··· Data provided ···

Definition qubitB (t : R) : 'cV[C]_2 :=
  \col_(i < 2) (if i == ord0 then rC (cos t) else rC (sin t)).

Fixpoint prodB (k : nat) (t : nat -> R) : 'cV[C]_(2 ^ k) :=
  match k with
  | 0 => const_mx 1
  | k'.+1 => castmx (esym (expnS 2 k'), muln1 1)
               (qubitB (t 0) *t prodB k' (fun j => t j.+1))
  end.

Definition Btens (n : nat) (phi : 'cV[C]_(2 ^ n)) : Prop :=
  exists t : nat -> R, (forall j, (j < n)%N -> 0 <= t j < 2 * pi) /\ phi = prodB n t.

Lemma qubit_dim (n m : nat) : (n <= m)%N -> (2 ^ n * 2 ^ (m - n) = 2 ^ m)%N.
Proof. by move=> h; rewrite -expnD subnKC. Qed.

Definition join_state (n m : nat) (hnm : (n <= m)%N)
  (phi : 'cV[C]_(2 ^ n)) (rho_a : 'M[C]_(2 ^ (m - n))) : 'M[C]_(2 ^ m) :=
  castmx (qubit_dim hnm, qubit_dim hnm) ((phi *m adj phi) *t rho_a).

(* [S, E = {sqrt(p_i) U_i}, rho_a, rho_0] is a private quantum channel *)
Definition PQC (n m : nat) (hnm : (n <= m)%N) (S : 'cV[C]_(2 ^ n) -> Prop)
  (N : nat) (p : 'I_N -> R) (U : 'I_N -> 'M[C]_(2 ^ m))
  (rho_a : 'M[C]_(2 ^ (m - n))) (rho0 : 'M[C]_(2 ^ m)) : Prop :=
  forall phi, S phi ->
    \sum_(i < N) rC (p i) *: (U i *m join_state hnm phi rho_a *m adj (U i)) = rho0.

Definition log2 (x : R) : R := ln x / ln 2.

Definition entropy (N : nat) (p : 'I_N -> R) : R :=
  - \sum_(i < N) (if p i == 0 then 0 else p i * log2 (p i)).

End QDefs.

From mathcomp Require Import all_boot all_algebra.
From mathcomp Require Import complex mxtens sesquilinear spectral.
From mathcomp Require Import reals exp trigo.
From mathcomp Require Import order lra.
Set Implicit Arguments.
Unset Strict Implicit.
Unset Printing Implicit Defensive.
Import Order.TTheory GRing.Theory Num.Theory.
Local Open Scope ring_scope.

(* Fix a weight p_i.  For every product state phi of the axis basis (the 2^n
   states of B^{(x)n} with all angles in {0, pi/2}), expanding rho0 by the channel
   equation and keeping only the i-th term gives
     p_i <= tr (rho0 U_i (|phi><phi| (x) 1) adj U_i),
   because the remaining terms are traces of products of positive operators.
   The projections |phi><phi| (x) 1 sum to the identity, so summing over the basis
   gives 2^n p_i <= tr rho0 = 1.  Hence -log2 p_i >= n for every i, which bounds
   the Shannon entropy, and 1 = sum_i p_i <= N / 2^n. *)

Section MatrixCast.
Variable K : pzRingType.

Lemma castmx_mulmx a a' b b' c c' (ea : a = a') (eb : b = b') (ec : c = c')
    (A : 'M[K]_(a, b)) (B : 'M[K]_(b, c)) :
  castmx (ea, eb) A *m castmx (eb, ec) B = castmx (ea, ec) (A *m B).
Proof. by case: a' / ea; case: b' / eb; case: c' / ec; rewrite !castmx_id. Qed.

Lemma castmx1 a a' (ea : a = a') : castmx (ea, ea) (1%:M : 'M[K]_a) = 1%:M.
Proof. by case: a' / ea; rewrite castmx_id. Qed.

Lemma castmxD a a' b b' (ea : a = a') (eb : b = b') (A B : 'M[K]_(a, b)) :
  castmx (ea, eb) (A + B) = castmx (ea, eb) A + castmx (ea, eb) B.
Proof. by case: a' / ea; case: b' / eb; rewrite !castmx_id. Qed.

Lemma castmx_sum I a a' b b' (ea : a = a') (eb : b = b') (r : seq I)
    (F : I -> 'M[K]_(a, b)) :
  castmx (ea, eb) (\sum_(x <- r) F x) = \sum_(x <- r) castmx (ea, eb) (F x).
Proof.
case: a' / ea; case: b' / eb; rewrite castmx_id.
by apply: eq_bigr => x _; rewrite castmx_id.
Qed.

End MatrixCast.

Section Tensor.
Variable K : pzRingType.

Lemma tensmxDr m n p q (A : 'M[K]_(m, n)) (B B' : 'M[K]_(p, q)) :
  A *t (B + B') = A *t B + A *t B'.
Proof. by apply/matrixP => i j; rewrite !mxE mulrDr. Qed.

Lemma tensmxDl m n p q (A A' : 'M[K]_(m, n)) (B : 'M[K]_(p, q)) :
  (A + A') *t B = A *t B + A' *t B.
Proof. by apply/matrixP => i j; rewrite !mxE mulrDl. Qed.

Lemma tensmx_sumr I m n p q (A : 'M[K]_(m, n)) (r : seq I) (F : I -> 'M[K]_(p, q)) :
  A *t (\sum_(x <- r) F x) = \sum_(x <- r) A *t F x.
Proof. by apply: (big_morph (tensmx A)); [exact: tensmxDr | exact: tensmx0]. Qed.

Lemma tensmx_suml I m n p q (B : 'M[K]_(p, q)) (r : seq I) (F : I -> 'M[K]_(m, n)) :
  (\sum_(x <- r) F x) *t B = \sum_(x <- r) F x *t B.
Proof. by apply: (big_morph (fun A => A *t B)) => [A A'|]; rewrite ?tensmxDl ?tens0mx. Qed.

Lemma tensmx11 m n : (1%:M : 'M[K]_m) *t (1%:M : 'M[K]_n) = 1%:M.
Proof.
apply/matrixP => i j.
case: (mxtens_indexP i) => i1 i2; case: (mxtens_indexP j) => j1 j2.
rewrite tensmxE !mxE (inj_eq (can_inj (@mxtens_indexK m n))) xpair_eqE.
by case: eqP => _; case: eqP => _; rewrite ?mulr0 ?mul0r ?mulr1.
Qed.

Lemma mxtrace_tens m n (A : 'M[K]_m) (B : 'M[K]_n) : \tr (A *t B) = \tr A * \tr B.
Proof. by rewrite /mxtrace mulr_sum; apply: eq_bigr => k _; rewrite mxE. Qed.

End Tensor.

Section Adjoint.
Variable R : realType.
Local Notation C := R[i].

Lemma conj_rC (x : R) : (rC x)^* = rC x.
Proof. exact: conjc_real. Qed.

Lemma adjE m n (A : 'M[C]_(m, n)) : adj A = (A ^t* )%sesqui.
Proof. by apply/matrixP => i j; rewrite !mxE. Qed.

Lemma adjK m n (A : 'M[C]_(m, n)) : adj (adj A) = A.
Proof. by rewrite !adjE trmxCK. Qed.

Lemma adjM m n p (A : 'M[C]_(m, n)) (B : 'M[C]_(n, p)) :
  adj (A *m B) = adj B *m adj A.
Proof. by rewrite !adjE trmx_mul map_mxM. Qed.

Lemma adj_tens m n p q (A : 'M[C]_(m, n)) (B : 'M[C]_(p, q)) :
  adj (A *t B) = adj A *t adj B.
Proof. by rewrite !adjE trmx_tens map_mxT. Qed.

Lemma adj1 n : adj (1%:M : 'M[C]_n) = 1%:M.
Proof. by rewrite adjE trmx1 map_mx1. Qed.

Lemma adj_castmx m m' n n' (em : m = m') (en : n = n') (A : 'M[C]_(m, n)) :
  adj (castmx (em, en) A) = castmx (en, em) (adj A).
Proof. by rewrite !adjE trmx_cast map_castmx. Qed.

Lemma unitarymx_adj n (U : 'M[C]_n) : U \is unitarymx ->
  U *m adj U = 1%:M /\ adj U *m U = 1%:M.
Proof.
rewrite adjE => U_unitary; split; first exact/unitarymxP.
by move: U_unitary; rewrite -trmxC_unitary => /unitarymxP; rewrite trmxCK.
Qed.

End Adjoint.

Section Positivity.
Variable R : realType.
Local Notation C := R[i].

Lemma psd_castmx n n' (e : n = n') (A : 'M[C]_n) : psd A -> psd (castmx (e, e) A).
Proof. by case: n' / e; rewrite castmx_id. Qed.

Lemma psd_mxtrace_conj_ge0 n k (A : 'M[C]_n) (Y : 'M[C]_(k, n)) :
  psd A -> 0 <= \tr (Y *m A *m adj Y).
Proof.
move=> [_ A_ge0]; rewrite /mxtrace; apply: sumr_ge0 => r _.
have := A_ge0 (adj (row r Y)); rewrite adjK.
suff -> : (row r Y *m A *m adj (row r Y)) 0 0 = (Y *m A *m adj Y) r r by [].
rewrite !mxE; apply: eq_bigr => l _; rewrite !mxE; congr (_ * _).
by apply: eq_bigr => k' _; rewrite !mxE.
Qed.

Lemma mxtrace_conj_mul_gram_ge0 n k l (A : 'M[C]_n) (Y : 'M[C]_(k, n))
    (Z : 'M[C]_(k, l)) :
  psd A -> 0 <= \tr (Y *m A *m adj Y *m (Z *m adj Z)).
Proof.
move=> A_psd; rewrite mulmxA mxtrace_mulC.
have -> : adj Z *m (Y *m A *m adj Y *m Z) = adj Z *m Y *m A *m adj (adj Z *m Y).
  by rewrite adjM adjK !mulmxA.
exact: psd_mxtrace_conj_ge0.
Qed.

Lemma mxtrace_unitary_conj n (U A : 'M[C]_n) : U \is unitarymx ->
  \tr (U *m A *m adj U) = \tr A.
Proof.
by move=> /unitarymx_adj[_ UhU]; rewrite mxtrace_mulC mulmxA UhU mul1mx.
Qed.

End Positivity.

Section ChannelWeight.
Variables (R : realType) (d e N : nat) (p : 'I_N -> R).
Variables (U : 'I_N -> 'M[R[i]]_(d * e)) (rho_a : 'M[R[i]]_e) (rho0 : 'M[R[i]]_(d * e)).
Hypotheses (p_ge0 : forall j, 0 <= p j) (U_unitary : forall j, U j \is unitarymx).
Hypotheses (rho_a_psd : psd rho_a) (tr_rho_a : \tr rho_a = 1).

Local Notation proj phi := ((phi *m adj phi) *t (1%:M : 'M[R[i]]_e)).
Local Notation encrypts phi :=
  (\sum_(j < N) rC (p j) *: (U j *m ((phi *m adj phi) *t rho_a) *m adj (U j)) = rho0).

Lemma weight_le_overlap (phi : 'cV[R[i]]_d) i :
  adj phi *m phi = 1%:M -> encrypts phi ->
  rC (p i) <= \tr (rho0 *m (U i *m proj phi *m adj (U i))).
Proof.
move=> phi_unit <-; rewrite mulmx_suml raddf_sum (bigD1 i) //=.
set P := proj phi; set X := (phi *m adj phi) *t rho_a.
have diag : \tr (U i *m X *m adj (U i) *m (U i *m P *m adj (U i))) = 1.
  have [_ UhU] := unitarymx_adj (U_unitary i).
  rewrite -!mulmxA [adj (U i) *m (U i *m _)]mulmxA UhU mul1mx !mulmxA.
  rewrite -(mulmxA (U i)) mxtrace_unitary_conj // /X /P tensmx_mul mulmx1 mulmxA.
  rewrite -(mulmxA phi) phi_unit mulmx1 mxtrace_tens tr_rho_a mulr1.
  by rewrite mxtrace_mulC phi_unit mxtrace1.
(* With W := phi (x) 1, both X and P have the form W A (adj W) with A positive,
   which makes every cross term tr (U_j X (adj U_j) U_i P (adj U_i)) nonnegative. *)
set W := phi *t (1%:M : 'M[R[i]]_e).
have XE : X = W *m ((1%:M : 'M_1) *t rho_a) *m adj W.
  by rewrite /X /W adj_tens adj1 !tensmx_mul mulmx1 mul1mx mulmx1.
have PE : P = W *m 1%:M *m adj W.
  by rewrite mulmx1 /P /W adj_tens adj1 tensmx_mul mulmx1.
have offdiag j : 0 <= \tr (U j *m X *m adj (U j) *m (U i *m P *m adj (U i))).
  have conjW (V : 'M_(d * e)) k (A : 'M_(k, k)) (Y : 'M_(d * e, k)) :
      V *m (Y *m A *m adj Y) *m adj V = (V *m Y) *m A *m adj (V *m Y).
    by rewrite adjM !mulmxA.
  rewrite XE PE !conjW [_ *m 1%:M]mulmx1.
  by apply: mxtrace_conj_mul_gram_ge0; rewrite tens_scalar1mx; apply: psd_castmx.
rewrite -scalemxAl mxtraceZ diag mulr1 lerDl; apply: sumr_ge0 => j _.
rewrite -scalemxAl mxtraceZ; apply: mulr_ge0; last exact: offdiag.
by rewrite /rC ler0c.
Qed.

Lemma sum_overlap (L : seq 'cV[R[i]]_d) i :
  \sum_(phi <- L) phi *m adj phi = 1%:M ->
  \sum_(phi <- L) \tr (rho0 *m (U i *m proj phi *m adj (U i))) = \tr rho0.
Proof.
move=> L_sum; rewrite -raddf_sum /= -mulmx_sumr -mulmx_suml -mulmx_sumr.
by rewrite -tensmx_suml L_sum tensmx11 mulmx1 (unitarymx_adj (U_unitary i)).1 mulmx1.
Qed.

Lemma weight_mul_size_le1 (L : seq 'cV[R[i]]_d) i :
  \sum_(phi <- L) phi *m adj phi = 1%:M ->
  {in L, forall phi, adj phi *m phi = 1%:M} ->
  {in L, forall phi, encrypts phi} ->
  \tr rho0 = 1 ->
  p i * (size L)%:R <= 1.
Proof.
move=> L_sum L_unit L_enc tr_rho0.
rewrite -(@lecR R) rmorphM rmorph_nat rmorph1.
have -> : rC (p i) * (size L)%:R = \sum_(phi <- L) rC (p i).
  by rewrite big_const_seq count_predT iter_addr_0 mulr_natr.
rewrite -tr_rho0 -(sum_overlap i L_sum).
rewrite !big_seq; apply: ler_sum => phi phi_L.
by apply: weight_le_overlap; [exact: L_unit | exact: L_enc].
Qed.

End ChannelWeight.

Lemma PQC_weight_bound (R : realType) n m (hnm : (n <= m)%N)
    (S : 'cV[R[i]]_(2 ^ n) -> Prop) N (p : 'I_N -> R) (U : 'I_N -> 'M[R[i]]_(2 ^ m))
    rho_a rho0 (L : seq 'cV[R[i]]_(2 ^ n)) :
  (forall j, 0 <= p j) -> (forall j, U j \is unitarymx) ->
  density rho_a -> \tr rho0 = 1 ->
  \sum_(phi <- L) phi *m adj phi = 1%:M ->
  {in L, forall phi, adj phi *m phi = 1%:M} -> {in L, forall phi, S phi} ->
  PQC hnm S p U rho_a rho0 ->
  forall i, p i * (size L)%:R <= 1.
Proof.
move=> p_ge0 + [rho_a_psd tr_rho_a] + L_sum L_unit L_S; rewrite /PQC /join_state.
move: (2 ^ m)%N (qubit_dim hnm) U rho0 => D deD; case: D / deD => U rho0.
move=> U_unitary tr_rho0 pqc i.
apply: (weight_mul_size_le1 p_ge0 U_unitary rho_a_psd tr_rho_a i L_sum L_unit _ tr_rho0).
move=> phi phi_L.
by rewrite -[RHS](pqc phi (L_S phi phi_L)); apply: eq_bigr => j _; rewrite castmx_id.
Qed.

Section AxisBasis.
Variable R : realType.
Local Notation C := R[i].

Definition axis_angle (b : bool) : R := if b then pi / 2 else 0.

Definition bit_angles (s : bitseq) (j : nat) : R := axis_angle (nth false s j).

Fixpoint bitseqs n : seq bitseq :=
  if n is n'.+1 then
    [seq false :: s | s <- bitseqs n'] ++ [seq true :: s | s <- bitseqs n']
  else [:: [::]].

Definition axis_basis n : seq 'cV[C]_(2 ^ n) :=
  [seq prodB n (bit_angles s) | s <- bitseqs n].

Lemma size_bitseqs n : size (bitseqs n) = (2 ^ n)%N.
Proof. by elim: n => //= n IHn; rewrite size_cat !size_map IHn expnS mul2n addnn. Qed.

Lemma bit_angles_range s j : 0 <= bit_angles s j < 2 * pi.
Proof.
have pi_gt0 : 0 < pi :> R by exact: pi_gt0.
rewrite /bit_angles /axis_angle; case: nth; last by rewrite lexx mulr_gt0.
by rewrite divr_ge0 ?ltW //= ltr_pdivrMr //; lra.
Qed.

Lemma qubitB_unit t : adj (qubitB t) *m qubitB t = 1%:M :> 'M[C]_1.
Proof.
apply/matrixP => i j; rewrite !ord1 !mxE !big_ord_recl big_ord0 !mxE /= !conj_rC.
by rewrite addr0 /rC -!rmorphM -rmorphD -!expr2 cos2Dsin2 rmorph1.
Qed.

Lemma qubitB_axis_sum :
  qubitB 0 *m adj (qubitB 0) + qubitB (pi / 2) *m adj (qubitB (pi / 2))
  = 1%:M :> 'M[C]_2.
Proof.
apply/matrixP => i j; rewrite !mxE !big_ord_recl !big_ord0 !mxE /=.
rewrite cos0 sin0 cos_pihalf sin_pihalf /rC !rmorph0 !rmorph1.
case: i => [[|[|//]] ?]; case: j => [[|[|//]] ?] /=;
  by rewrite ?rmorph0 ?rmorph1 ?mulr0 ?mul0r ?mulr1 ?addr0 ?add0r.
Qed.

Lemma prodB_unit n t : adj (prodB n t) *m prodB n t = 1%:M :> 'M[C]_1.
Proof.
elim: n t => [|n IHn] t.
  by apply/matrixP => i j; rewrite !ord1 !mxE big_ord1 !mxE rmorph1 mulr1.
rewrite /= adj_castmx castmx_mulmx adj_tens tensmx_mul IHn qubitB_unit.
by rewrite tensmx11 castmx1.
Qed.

···

### [Work to complete]
Above are the records; copy exactly the lines from the line with "castmx (qubit_dim hnm, qubit_dim" through the line with "(rho_a : 'M[C]_(2 ^ (m - n))) (rho0", both included.

### [Response]
  castmx (qubit_dim hnm, qubit_dim hnm) ((phi *m adj phi) *t rho_a).

(* [S, E = {sqrt(p_i) U_i}, rho_a, rho_0] is a private quantum channel *)
Definition PQC (n m : nat) (hnm : (n <= m)%N) (S : 'cV[C]_(2 ^ n) -> Prop)
  (N : nat) (p : 'I_N -> R) (U : 'I_N -> 'M[C]_(2 ^ m))
  (rho_a : 'M[C]_(2 ^ (m - n))) (rho0 : 'M[C]_(2 ^ m)) : Prop :=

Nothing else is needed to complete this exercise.